• Problem to work on
In exact form, set down only those lines of the material that run from its first line to the line with "under eq_bigr => j", inclusive.

• Records for processing
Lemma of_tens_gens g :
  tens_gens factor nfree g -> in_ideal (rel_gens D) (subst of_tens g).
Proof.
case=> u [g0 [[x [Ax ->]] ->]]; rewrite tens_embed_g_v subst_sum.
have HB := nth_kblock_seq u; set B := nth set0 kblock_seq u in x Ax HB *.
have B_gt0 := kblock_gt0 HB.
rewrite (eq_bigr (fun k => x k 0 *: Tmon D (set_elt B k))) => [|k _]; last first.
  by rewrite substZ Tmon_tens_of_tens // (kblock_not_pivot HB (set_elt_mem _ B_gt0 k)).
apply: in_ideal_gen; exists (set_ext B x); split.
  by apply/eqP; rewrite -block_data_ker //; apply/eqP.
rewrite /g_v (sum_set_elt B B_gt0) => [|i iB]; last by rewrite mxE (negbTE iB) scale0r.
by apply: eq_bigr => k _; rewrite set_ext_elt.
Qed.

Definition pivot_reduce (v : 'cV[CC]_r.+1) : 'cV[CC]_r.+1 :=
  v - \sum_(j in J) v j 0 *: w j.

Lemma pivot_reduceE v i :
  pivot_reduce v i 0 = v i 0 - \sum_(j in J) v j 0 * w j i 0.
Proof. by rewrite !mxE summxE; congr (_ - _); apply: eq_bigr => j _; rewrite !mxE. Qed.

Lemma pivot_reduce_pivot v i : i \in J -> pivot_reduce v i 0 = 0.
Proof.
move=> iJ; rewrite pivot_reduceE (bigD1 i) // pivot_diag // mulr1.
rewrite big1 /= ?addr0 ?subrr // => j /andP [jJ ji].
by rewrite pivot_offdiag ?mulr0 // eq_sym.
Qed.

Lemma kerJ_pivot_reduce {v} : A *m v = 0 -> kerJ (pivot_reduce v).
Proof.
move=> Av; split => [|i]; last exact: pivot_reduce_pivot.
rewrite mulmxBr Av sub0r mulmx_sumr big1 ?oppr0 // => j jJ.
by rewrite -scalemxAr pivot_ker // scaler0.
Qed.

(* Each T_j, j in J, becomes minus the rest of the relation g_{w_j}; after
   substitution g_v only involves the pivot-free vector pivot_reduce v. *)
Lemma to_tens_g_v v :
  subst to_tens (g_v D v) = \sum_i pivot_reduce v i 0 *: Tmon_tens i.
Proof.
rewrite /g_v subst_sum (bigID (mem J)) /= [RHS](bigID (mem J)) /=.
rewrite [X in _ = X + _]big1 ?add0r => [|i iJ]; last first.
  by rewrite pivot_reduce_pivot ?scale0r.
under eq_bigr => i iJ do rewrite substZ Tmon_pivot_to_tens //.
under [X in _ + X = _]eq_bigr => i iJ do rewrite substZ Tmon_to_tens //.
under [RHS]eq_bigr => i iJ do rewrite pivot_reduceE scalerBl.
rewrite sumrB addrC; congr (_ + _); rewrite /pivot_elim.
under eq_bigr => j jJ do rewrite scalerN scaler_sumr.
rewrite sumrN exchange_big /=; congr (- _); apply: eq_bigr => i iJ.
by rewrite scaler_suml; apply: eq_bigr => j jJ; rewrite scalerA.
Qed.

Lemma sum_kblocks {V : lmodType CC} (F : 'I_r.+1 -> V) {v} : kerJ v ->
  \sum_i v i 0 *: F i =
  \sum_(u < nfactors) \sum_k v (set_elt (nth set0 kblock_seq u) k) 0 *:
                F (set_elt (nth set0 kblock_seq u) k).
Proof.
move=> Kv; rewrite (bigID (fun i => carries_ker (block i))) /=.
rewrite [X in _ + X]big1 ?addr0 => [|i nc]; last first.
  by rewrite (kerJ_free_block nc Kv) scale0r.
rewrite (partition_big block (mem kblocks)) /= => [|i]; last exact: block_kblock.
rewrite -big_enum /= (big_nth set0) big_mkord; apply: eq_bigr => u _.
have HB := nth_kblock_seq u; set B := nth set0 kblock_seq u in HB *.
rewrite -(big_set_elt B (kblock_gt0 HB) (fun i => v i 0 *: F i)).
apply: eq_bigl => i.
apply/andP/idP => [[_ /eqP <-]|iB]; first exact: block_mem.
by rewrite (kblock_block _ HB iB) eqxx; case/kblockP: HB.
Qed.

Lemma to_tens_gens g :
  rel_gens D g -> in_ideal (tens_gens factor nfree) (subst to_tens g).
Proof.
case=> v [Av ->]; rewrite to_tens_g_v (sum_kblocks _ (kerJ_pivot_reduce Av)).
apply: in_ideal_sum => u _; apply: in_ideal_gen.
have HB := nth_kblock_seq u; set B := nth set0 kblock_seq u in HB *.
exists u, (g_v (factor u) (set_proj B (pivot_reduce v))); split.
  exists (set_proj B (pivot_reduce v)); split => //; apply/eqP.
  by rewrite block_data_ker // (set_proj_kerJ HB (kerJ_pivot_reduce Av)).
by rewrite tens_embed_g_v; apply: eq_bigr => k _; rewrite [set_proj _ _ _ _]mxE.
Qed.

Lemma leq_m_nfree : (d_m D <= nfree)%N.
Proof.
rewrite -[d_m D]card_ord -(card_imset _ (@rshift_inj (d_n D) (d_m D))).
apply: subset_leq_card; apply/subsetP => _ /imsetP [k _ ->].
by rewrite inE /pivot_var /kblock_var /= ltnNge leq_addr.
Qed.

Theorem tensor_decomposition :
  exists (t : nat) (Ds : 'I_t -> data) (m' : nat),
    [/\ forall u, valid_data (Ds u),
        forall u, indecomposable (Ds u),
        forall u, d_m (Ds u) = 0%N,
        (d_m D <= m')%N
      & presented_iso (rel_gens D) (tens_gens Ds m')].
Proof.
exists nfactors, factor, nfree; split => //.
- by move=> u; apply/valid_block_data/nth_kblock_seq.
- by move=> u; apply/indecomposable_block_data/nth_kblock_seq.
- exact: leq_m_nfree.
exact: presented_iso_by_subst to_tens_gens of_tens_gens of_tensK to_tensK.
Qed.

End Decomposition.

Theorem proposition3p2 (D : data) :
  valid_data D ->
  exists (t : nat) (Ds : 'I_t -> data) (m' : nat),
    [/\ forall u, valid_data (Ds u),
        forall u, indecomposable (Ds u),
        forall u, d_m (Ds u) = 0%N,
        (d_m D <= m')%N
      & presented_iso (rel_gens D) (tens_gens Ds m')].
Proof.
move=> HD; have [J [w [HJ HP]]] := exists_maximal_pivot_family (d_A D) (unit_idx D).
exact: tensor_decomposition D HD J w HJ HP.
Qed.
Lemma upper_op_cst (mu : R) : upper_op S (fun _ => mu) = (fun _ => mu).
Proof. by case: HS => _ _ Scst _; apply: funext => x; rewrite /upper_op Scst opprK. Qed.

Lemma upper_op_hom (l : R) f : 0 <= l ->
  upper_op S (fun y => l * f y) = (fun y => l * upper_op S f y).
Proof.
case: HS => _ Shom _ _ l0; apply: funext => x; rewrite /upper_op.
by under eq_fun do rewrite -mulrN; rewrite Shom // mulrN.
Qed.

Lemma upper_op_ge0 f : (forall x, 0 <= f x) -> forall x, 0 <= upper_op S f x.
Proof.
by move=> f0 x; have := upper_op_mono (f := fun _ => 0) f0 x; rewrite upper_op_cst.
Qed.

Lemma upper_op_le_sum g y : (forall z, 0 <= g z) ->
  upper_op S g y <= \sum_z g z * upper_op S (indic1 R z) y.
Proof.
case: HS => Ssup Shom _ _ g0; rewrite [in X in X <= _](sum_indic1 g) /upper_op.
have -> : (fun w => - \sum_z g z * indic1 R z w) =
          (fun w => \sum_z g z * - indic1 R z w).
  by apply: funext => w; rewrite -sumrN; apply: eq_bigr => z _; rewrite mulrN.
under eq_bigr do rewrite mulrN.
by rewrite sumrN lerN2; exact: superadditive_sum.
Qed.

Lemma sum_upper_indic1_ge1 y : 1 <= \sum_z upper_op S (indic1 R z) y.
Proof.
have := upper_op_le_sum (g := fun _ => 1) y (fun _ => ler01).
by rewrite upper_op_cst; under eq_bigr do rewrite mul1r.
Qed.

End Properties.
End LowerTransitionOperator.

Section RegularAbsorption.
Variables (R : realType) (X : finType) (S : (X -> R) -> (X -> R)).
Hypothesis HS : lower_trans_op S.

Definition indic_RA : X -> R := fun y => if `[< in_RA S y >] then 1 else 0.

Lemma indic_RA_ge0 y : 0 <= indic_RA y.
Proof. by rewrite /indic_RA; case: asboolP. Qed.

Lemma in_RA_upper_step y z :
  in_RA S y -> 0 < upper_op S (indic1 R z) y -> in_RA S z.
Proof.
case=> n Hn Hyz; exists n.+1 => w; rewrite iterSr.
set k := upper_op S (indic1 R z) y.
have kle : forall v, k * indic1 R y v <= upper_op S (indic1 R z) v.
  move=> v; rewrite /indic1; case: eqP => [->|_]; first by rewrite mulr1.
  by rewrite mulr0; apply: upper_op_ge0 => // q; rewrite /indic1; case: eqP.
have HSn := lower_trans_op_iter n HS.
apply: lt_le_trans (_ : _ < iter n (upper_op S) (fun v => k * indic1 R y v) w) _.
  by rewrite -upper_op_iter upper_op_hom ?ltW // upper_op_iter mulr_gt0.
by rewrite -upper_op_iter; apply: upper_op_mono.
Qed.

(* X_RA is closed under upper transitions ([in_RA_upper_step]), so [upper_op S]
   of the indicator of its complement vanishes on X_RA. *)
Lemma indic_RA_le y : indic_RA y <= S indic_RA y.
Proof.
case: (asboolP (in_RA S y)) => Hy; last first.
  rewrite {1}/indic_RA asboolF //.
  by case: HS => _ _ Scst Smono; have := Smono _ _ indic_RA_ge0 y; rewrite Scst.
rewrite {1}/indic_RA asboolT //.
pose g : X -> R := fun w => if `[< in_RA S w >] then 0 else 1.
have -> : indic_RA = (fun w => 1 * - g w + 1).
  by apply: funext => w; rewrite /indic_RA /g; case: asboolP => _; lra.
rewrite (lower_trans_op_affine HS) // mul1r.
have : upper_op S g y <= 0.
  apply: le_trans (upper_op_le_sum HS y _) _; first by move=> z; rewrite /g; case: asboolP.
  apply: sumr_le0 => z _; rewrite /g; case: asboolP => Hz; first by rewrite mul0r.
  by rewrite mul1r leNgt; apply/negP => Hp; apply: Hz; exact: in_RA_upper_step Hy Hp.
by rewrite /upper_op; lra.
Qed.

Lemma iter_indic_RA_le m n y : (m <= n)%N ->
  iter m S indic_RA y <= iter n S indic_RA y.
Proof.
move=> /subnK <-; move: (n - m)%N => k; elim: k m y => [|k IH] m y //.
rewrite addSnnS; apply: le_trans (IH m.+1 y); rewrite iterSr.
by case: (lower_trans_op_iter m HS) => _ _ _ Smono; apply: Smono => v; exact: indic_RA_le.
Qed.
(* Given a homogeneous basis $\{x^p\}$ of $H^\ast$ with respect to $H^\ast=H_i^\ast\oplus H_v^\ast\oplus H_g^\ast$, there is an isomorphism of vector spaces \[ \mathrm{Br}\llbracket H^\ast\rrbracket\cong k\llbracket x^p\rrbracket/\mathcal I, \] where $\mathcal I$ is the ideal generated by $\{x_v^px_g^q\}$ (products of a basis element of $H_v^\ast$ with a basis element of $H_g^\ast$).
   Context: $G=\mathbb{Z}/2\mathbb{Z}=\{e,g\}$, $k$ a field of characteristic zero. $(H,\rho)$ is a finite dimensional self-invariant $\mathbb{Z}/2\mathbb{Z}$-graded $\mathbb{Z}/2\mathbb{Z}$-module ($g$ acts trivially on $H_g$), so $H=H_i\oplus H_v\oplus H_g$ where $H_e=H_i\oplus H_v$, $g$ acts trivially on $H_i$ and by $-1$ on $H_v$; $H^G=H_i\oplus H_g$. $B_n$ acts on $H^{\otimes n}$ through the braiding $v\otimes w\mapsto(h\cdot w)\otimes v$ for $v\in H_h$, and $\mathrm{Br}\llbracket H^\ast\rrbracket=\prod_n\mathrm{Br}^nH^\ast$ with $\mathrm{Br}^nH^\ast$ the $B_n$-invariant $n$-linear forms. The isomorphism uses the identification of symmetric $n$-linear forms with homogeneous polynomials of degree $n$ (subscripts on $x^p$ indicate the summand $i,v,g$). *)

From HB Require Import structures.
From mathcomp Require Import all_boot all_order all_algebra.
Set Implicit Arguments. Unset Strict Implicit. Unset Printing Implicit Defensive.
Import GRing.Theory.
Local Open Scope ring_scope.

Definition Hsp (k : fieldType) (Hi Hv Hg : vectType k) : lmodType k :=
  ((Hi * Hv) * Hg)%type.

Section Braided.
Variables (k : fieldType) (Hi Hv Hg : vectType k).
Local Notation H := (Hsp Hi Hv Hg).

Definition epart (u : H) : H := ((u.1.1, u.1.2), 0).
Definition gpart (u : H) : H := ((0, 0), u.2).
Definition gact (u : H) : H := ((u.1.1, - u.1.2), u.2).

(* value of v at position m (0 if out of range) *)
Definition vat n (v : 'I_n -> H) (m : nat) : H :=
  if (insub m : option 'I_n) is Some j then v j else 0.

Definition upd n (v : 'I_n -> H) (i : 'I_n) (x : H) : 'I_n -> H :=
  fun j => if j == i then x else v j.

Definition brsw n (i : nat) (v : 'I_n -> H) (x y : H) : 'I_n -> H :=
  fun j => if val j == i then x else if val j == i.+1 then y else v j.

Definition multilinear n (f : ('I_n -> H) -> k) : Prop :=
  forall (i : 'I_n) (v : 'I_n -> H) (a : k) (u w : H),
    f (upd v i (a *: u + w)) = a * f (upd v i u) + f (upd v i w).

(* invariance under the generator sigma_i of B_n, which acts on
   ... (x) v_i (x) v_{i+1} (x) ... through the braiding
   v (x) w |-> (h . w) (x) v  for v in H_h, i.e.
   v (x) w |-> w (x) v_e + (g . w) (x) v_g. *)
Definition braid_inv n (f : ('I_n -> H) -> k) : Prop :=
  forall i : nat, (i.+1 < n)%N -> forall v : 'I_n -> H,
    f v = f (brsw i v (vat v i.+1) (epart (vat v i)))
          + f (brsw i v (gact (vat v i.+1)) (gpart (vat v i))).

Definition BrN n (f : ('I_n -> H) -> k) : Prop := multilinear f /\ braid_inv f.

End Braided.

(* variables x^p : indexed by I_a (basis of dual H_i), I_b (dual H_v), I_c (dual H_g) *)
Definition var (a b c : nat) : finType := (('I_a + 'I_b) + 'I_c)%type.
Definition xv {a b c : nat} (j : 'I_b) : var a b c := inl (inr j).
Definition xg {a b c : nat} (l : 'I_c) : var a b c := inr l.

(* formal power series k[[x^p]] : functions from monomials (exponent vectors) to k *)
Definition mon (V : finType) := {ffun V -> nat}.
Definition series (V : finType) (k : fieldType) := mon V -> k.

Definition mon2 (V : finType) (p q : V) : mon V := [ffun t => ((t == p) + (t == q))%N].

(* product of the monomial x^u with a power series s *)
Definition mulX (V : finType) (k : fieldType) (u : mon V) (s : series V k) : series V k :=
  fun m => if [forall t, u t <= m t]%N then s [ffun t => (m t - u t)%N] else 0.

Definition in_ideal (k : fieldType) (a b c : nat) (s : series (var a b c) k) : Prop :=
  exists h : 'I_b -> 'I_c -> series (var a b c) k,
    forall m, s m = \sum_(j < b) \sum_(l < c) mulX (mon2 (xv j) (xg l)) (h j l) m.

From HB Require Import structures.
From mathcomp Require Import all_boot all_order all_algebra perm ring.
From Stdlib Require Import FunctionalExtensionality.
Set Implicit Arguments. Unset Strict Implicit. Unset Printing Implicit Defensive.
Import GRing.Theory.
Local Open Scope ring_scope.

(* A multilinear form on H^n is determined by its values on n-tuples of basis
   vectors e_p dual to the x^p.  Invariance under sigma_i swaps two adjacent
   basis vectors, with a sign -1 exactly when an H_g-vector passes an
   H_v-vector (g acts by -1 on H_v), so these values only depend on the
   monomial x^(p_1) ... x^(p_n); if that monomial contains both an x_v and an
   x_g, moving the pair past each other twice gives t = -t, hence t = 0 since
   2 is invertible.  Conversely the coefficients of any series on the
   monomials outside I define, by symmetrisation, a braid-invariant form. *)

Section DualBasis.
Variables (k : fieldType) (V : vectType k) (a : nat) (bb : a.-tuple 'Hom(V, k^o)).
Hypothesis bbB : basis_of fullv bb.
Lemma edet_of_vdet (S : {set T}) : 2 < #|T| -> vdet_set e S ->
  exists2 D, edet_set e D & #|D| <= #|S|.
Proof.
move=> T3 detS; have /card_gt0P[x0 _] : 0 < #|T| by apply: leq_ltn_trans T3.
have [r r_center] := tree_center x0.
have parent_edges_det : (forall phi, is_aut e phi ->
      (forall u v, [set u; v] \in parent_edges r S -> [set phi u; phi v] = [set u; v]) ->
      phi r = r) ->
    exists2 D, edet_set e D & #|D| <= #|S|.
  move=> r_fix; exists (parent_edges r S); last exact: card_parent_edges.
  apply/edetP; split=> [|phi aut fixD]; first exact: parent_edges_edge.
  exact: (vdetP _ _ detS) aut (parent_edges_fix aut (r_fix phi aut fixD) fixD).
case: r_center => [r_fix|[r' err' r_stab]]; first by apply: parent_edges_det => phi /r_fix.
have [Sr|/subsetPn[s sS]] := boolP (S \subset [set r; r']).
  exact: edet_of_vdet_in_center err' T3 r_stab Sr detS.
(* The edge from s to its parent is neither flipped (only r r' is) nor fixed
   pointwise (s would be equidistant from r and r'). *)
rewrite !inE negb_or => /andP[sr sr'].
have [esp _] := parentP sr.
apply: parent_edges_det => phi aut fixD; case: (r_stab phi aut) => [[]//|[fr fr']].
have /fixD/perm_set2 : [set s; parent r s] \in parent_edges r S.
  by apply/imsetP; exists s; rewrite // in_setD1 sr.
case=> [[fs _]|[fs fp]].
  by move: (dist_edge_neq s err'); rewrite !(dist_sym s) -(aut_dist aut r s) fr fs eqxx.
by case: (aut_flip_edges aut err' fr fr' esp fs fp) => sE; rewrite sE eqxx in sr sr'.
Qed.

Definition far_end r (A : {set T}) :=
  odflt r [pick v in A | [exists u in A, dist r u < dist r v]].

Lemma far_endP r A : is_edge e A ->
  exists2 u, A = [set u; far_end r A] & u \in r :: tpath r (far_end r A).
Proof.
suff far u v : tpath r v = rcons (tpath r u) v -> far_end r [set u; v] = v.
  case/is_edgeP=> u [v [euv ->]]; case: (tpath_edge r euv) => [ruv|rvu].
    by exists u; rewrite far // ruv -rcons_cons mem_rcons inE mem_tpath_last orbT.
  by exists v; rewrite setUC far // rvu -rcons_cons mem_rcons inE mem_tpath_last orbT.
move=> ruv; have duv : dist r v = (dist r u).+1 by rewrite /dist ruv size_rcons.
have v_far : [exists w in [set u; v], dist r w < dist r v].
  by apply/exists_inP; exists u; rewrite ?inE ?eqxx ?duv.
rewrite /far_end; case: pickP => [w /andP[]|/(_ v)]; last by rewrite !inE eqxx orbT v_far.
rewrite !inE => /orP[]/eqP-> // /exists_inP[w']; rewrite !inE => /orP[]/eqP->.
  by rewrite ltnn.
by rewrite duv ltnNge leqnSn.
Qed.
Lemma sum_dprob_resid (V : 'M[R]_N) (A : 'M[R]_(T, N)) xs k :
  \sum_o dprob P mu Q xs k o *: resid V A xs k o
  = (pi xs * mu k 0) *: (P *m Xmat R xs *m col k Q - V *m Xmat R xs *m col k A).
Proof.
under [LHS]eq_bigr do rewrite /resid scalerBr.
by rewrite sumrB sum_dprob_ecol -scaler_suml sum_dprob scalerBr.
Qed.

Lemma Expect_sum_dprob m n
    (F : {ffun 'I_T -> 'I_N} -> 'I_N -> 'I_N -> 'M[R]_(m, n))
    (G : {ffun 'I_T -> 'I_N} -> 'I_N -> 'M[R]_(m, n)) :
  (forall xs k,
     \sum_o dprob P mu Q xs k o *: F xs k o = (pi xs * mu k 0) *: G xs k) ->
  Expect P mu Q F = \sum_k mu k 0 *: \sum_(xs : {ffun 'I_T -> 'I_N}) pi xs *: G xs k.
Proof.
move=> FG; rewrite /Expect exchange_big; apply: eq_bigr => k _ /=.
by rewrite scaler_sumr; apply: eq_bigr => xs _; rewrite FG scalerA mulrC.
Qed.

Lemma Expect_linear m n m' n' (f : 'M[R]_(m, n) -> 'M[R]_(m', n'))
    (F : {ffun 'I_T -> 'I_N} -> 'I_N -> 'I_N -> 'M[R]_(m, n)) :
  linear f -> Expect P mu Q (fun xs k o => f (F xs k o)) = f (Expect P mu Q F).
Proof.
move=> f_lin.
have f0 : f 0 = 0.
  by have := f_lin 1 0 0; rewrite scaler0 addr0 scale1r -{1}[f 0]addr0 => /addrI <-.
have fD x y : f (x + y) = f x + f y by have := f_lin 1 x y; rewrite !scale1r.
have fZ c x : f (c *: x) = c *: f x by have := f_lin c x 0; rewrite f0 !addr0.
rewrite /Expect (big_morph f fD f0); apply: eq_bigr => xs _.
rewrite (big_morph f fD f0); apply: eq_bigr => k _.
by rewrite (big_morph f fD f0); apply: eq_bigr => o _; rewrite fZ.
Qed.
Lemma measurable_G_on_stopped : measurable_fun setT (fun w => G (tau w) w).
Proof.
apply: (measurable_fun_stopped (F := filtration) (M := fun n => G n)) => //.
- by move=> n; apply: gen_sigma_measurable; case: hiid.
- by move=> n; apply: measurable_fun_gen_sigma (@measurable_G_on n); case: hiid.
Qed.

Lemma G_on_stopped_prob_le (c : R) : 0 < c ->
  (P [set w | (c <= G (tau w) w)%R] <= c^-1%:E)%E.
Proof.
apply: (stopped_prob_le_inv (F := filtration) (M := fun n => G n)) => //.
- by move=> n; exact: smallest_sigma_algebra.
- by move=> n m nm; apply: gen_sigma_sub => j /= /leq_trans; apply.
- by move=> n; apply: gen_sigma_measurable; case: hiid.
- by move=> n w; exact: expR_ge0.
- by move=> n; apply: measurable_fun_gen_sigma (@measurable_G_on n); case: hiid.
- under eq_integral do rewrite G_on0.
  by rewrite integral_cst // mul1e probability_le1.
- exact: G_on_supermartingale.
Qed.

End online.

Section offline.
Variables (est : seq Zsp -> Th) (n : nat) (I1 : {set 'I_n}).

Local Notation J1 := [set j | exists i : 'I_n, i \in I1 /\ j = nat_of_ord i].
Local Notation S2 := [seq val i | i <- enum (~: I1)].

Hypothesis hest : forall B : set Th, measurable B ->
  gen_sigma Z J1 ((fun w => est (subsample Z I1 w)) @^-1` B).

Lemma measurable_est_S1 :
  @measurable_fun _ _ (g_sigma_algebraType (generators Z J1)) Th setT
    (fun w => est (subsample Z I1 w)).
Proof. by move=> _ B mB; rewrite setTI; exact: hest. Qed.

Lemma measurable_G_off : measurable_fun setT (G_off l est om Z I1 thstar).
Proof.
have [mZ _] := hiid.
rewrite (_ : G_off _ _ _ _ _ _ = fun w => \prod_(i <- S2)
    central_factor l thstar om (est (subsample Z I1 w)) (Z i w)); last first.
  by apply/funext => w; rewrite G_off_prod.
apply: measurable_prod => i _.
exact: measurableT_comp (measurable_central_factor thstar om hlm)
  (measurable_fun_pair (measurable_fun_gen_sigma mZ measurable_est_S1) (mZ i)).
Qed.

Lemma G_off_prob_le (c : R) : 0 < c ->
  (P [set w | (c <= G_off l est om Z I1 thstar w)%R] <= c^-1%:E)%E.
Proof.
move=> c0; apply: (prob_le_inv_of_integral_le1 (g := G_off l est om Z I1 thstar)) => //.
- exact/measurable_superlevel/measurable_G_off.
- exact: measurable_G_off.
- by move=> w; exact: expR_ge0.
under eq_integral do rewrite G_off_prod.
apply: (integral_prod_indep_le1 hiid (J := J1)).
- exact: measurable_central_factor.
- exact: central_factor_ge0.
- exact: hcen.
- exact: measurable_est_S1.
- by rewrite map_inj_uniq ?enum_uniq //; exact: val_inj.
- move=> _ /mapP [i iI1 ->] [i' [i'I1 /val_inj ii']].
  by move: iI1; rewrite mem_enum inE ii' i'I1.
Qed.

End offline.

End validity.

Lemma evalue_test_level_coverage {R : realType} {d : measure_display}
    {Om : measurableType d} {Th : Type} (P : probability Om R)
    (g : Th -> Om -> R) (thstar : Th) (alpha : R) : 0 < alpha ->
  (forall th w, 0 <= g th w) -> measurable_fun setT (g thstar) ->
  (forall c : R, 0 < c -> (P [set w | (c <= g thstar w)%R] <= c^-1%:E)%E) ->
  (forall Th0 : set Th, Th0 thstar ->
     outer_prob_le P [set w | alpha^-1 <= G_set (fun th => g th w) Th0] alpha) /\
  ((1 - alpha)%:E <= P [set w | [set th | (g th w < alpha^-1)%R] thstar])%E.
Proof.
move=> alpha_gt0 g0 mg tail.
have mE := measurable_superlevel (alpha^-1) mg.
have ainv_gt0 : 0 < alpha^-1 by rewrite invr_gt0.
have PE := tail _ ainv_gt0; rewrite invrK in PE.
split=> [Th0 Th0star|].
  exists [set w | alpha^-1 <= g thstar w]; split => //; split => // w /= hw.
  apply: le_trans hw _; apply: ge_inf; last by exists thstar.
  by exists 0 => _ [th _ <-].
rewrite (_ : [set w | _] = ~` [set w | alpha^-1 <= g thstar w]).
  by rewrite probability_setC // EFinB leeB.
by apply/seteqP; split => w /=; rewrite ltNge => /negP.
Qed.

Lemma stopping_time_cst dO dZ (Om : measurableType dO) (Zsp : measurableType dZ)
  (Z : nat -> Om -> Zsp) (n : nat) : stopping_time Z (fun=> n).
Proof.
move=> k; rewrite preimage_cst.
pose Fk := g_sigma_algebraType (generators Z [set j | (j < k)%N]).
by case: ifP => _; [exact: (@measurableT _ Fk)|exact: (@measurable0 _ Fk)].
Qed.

• Expected answer
Lemma of_tens_gens g :
  tens_gens factor nfree g -> in_ideal (rel_gens D) (subst of_tens g).
Proof.
case=> u [g0 [[x [Ax ->]] ->]]; rewrite tens_embed_g_v subst_sum.
have HB := nth_kblock_seq u; set B := nth set0 kblock_seq u in x Ax HB *.
have B_gt0 := kblock_gt0 HB.
rewrite (eq_bigr (fun k => x k 0 *: Tmon D (set_elt B k))) => [|k _]; last first.
  by rewrite substZ Tmon_tens_of_tens // (kblock_not_pivot HB (set_elt_mem _ B_gt0 k)).
apply: in_ideal_gen; exists (set_ext B x); split.
  by apply/eqP; rewrite -block_data_ker //; apply/eqP.
rewrite /g_v (sum_set_elt B B_gt0) => [|i iB]; last by rewrite mxE (negbTE iB) scale0r.
by apply: eq_bigr => k _; rewrite set_ext_elt.
Qed.

Definition pivot_reduce (v : 'cV[CC]_r.+1) : 'cV[CC]_r.+1 :=
  v - \sum_(j in J) v j 0 *: w j.

Lemma pivot_reduceE v i :
  pivot_reduce v i 0 = v i 0 - \sum_(j in J) v j 0 * w j i 0.
Proof. by rewrite !mxE summxE; congr (_ - _); apply: eq_bigr => j _; rewrite !mxE. Qed.

Lemma pivot_reduce_pivot v i : i \in J -> pivot_reduce v i 0 = 0.
Proof.
move=> iJ; rewrite pivot_reduceE (bigD1 i) // pivot_diag // mulr1.
rewrite big1 /= ?addr0 ?subrr // => j /andP [jJ ji].
by rewrite pivot_offdiag ?mulr0 // eq_sym.
Qed.

Lemma kerJ_pivot_reduce {v} : A *m v = 0 -> kerJ (pivot_reduce v).
Proof.
move=> Av; split => [|i]; last exact: pivot_reduce_pivot.
rewrite mulmxBr Av sub0r mulmx_sumr big1 ?oppr0 // => j jJ.
by rewrite -scalemxAr pivot_ker // scaler0.
Qed.

(* Each T_j, j in J, becomes minus the rest of the relation g_{w_j}; after
   substitution g_v only involves the pivot-free vector pivot_reduce v. *)
Lemma to_tens_g_v v :
  subst to_tens (g_v D v) = \sum_i pivot_reduce v i 0 *: Tmon_tens i.
Proof.
rewrite /g_v subst_sum (bigID (mem J)) /= [RHS](bigID (mem J)) /=.
rewrite [X in _ = X + _]big1 ?add0r => [|i iJ]; last first.
  by rewrite pivot_reduce_pivot ?scale0r.
under eq_bigr => i iJ do rewrite substZ Tmon_pivot_to_tens //.
under [X in _ + X = _]eq_bigr => i iJ do rewrite substZ Tmon_to_tens //.
under [RHS]eq_bigr => i iJ do rewrite pivot_reduceE scalerBl.
rewrite sumrB addrC; congr (_ + _); rewrite /pivot_elim.
under eq_bigr => j jJ do rewrite scalerN scaler_sumr.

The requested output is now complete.